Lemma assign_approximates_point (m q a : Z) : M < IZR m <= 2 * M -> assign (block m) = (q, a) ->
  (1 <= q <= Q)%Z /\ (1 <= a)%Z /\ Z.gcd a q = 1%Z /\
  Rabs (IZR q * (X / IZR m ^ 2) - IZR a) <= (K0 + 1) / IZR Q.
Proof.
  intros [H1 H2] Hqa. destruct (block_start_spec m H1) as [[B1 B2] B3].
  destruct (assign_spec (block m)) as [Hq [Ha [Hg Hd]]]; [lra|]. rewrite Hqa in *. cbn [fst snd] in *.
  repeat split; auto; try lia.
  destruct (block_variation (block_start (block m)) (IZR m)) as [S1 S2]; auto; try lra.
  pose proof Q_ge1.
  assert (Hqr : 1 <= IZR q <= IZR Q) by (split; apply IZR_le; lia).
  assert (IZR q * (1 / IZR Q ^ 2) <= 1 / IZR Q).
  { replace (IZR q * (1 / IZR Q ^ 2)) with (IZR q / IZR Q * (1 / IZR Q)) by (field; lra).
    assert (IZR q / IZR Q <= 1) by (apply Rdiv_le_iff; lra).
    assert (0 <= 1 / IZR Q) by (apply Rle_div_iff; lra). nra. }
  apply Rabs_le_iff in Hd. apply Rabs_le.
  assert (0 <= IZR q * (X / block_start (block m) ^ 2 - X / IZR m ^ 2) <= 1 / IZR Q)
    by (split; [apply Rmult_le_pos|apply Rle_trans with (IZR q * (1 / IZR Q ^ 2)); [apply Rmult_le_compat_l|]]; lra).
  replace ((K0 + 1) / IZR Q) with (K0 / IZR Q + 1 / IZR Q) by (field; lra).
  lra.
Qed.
____________
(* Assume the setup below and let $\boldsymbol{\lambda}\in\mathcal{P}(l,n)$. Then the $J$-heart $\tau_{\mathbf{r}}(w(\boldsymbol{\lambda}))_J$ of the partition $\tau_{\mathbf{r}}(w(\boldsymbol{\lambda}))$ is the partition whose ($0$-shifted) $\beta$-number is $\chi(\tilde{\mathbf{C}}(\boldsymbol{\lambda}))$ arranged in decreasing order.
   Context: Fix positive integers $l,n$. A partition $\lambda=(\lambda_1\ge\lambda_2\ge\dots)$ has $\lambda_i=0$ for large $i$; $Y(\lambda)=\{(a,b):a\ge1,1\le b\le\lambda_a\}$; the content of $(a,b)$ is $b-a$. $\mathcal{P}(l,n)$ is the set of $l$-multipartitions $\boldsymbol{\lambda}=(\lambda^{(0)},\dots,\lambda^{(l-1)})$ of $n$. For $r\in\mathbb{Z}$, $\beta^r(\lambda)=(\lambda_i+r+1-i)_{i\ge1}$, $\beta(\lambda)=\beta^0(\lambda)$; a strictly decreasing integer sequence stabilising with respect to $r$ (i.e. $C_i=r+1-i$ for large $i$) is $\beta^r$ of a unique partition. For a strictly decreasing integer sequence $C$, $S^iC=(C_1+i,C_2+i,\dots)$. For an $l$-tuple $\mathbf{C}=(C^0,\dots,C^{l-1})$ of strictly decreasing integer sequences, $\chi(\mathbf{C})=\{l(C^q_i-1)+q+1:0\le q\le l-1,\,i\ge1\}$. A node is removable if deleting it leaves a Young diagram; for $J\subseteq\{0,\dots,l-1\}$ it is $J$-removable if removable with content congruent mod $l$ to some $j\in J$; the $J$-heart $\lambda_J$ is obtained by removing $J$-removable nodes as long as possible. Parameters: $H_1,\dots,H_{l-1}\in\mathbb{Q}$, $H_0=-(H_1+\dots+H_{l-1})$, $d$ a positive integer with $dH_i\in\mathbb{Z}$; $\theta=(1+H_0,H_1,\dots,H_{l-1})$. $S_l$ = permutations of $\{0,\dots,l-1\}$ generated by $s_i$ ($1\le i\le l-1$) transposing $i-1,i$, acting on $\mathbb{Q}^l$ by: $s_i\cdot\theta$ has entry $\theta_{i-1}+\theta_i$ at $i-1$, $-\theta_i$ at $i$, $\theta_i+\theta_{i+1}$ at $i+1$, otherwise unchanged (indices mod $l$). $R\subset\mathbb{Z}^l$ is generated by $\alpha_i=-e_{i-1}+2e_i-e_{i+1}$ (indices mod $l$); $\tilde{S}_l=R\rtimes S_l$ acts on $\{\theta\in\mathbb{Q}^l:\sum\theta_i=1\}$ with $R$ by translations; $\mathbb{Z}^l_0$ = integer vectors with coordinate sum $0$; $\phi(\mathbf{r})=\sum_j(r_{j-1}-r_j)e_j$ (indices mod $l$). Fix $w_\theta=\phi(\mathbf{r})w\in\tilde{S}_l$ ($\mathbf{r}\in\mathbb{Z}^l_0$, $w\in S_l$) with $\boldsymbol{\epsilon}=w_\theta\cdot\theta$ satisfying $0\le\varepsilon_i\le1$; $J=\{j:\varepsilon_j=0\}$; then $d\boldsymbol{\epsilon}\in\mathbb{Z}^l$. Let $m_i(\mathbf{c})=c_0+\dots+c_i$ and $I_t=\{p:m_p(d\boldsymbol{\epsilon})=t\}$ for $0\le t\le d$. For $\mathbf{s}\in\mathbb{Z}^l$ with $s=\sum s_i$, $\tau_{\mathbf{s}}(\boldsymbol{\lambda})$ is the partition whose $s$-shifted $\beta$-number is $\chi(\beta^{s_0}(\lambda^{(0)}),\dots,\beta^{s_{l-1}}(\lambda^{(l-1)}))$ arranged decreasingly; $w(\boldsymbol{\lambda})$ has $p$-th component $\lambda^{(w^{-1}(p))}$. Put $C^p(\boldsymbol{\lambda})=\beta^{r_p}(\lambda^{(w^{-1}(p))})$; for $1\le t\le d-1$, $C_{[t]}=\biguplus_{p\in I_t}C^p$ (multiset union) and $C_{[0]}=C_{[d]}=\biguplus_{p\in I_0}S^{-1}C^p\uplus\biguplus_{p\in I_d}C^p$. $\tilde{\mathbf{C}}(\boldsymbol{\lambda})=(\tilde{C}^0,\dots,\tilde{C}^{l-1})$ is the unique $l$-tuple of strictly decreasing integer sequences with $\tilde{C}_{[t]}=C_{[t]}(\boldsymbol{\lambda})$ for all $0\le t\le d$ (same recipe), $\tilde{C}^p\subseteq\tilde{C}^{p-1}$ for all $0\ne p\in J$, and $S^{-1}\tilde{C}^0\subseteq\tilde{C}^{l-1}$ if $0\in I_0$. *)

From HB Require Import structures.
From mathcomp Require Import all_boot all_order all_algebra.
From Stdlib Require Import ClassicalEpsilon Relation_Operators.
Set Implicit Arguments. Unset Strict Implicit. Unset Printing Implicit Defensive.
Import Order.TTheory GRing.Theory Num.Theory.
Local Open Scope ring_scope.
____________
__WHAT YOU WILL DO__.
Give the exact lines, and only those, from the line containing "pose proof Q_ge1." through the line containing "by (split; [apply" in the entries above.

__SOLUTION TO THIS TASK__.
  pose proof Q_ge1.
  assert (Hqr : 1 <= IZR q <= IZR Q) by (split; apply IZR_le; lia).
  assert (IZR q * (1 / IZR Q ^ 2) <= 1 / IZR Q).
  { replace (IZR q * (1 / IZR Q ^ 2)) with (IZR q / IZR Q * (1 / IZR Q)) by (field; lra).
    assert (IZR q / IZR Q <= 1) by (apply Rdiv_le_iff; lra).
    assert (0 <= 1 / IZR Q) by (apply Rle_div_iff; lra). nra. }
  apply Rabs_le_iff in Hd. apply Rabs_le.
  assert (0 <= IZR q * (X / block_start (block m) ^ 2 - X / IZR m ^ 2) <= 1 / IZR Q)
    by (split; [apply Rmult_le_pos|apply Rle_trans with (IZR q * (1 / IZR Q ^ 2)); [apply Rmult_le_compat_l|]]; lra).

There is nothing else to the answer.